==== MATERIAL FOR THE TASK ====

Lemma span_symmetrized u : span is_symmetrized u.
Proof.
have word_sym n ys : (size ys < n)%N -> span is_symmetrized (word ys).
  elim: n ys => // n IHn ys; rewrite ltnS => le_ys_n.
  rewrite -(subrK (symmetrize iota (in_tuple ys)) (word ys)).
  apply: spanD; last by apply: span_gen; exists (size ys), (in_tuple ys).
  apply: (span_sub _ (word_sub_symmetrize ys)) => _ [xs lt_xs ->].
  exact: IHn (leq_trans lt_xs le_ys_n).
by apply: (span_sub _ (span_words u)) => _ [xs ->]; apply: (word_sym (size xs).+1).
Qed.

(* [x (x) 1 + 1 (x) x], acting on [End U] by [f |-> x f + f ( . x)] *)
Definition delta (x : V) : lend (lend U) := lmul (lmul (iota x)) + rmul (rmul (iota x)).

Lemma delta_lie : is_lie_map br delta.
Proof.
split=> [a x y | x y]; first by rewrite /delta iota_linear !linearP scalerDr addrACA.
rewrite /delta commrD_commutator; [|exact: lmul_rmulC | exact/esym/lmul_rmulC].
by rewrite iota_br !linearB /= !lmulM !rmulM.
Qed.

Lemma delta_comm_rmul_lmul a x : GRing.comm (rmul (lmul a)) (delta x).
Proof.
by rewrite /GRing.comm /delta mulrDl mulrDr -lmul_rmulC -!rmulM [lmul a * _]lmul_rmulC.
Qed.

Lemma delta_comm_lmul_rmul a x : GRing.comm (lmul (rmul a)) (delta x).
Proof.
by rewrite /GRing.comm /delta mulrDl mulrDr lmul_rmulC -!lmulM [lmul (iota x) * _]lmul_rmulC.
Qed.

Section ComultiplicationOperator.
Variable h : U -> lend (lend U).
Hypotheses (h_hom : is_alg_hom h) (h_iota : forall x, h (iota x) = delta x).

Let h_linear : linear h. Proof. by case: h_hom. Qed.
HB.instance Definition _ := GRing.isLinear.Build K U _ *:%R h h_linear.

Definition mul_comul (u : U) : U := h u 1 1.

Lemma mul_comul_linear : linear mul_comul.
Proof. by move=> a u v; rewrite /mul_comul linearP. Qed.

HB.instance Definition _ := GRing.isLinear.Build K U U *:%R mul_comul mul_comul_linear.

====
==== MATERIAL FOR THE TASK ====

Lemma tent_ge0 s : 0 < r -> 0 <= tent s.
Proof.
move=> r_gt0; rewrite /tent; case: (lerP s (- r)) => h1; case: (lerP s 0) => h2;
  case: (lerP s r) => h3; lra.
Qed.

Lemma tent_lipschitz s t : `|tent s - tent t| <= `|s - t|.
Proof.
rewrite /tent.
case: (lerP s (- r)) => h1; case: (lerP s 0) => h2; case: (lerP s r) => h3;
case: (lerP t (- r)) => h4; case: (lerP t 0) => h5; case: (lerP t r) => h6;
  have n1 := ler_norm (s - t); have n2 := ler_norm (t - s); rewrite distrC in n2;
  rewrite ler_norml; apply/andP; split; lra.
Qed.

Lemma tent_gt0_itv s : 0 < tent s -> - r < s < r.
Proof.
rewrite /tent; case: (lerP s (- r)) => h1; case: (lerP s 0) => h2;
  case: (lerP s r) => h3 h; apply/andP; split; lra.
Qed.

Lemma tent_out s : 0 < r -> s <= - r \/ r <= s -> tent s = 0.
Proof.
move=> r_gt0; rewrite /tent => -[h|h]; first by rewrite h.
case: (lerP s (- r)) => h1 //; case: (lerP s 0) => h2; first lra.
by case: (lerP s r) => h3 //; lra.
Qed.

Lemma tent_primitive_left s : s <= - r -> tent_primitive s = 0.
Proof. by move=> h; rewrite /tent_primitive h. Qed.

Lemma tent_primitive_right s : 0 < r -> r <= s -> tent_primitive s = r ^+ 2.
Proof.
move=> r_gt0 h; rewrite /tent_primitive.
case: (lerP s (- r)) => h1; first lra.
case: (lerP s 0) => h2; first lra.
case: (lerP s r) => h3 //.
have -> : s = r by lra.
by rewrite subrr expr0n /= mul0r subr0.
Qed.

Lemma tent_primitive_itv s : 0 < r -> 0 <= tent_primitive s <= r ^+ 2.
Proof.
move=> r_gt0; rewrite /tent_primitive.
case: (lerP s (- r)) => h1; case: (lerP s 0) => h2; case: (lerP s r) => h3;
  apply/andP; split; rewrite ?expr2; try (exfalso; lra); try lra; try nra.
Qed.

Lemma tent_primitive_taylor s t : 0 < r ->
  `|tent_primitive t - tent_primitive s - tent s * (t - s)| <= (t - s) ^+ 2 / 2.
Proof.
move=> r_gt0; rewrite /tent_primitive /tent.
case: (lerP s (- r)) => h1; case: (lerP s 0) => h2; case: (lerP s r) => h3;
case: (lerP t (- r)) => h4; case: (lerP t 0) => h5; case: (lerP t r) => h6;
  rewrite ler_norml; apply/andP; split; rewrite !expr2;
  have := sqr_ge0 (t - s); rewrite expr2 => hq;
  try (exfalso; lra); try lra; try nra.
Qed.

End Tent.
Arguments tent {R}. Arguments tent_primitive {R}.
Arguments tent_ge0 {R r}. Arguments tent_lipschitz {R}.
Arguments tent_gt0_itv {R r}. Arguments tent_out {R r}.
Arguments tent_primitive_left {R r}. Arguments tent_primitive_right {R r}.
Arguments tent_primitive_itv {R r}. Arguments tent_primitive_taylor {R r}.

====
==== MATERIAL FOR THE TASK ====

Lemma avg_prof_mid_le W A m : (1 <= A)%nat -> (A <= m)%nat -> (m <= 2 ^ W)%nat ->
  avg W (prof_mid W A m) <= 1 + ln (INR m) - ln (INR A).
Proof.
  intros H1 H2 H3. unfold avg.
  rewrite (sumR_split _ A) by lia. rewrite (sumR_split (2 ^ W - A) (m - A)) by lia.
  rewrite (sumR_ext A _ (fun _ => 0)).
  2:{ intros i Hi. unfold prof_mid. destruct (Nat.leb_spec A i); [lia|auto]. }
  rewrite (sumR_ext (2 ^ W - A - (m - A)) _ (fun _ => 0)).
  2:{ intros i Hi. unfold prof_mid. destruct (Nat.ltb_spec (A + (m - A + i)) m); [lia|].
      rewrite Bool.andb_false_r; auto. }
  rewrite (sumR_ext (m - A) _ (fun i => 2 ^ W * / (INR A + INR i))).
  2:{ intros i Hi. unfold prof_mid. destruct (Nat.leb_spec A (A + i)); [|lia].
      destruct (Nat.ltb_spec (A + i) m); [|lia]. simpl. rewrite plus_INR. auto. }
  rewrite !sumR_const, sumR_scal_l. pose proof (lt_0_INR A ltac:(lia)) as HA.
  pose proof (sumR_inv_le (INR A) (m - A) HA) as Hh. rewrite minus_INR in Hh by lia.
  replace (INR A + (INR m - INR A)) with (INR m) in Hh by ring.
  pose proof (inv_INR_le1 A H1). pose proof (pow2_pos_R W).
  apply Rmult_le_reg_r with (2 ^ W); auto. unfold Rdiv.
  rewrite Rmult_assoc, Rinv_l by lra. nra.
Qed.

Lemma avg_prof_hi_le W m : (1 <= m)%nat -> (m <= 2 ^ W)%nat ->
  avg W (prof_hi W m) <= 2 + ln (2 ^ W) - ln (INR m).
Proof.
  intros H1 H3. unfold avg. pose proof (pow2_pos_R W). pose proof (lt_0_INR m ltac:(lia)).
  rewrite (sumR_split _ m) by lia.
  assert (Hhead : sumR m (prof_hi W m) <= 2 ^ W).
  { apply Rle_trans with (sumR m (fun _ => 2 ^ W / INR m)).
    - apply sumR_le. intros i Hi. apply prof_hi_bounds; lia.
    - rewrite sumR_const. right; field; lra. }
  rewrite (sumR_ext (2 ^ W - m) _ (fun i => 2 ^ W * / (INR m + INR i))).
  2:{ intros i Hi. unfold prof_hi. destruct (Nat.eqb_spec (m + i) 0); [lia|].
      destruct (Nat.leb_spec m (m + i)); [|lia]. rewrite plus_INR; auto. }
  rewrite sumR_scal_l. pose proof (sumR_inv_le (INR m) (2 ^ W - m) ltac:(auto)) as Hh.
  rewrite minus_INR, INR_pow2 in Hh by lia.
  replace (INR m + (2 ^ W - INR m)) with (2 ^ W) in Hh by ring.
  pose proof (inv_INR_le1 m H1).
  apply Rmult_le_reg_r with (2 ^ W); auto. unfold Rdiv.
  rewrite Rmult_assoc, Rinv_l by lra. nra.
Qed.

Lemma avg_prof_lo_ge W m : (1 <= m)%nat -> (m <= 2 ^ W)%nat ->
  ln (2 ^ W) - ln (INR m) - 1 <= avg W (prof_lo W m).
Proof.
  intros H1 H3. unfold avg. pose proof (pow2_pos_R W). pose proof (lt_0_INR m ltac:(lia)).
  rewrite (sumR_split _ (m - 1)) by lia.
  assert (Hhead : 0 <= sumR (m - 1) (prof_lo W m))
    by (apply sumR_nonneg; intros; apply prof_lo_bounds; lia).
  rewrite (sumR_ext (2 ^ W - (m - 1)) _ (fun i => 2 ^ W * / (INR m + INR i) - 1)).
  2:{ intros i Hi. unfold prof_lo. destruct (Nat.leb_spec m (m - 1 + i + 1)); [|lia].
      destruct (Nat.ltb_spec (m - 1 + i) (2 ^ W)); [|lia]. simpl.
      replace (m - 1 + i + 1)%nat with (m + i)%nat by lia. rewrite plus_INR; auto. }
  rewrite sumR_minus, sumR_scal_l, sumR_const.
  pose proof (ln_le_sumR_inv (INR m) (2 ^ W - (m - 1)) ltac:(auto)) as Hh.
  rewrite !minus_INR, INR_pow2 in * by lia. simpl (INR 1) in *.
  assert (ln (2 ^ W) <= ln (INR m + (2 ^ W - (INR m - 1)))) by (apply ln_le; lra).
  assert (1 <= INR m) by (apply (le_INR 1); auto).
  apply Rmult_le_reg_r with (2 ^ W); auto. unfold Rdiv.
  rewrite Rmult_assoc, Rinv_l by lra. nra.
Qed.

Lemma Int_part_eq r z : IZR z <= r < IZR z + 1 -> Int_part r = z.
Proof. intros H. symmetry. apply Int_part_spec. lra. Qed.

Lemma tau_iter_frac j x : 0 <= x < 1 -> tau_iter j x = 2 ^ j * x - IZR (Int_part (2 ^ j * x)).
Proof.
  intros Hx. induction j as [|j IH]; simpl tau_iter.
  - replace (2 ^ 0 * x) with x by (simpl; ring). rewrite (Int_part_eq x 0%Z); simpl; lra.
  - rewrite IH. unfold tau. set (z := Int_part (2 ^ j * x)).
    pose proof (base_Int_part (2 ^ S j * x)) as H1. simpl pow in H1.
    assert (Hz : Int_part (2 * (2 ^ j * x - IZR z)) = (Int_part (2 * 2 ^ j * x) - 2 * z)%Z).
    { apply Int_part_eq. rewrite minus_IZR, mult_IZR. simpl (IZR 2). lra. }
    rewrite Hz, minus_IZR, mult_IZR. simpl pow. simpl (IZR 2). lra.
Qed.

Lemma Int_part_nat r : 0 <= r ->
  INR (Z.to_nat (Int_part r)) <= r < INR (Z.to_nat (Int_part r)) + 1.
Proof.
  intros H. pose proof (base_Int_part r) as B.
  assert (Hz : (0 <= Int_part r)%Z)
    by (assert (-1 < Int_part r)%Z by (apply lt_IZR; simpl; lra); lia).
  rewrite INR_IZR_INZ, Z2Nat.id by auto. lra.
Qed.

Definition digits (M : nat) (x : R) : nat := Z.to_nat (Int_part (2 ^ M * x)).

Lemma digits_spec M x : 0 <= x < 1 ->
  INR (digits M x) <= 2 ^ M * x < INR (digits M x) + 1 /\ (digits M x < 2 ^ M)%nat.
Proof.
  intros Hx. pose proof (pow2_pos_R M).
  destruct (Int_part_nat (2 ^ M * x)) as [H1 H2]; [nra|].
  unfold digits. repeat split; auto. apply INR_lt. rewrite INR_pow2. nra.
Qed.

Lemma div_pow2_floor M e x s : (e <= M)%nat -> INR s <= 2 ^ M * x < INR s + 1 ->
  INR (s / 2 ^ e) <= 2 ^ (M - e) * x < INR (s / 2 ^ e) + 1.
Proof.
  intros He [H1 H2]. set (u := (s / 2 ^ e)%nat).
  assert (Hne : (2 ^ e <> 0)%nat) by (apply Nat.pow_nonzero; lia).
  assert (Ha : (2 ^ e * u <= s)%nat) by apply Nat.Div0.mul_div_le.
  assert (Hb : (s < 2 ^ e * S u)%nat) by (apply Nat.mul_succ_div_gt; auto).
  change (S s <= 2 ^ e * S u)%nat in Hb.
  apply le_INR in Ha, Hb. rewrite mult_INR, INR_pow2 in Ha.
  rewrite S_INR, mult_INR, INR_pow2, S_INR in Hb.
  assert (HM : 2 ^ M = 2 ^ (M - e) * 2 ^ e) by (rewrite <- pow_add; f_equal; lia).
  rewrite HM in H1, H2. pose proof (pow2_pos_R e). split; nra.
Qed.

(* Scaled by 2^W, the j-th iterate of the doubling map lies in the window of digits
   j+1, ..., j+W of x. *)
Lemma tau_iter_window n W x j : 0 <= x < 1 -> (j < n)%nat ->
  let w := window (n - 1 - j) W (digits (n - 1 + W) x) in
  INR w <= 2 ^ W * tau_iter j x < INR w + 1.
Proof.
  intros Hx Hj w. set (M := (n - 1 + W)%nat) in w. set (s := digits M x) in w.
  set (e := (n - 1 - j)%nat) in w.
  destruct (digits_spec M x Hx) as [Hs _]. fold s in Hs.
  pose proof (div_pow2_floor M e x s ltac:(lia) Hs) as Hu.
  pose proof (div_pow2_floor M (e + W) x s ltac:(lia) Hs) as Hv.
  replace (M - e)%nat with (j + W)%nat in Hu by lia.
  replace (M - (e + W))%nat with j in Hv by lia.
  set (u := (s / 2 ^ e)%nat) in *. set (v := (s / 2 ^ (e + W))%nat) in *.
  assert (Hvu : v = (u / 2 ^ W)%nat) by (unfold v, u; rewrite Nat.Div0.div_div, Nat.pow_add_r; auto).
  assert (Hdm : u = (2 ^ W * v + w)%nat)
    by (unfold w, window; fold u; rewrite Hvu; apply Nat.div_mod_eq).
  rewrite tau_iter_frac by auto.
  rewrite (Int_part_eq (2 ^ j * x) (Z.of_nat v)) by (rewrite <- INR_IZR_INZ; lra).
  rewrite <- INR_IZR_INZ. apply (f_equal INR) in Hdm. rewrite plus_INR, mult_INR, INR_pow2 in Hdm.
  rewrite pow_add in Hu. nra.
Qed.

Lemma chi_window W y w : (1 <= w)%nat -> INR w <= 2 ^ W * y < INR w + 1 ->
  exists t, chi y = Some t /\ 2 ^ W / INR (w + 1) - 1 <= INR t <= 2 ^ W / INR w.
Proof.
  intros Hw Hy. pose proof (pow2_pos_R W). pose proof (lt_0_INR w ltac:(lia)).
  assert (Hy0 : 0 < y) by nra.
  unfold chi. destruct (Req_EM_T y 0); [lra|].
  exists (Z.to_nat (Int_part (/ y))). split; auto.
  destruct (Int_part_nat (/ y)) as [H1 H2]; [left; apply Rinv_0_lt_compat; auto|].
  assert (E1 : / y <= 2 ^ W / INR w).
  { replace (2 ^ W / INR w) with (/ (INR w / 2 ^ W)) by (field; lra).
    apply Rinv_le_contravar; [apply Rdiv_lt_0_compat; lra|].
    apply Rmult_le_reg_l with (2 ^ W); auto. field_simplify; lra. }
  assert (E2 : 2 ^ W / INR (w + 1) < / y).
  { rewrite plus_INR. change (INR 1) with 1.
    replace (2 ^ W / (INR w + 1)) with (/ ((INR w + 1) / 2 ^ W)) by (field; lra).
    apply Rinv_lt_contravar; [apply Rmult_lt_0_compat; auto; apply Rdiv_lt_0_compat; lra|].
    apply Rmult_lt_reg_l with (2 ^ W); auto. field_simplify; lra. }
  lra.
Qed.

====

● PROBLEM TO WORK ON
Would you please copy, word for word, everything above from the line containing "replace (M - (e" down to the line containing "assert (Hdm : u = (2 ^ W * v + w)%nat)", those two lines included?

● RESULT OF THIS EXERCISE
  replace (M - (e + W))%nat with j in Hv by lia.
  set (u := (s / 2 ^ e)%nat) in *. set (v := (s / 2 ^ (e + W))%nat) in *.
  assert (Hvu : v = (u / 2 ^ W)%nat) by (unfold v, u; rewrite Nat.Div0.div_div, Nat.pow_add_r; auto).
  assert (Hdm : u = (2 ^ W * v + w)%nat)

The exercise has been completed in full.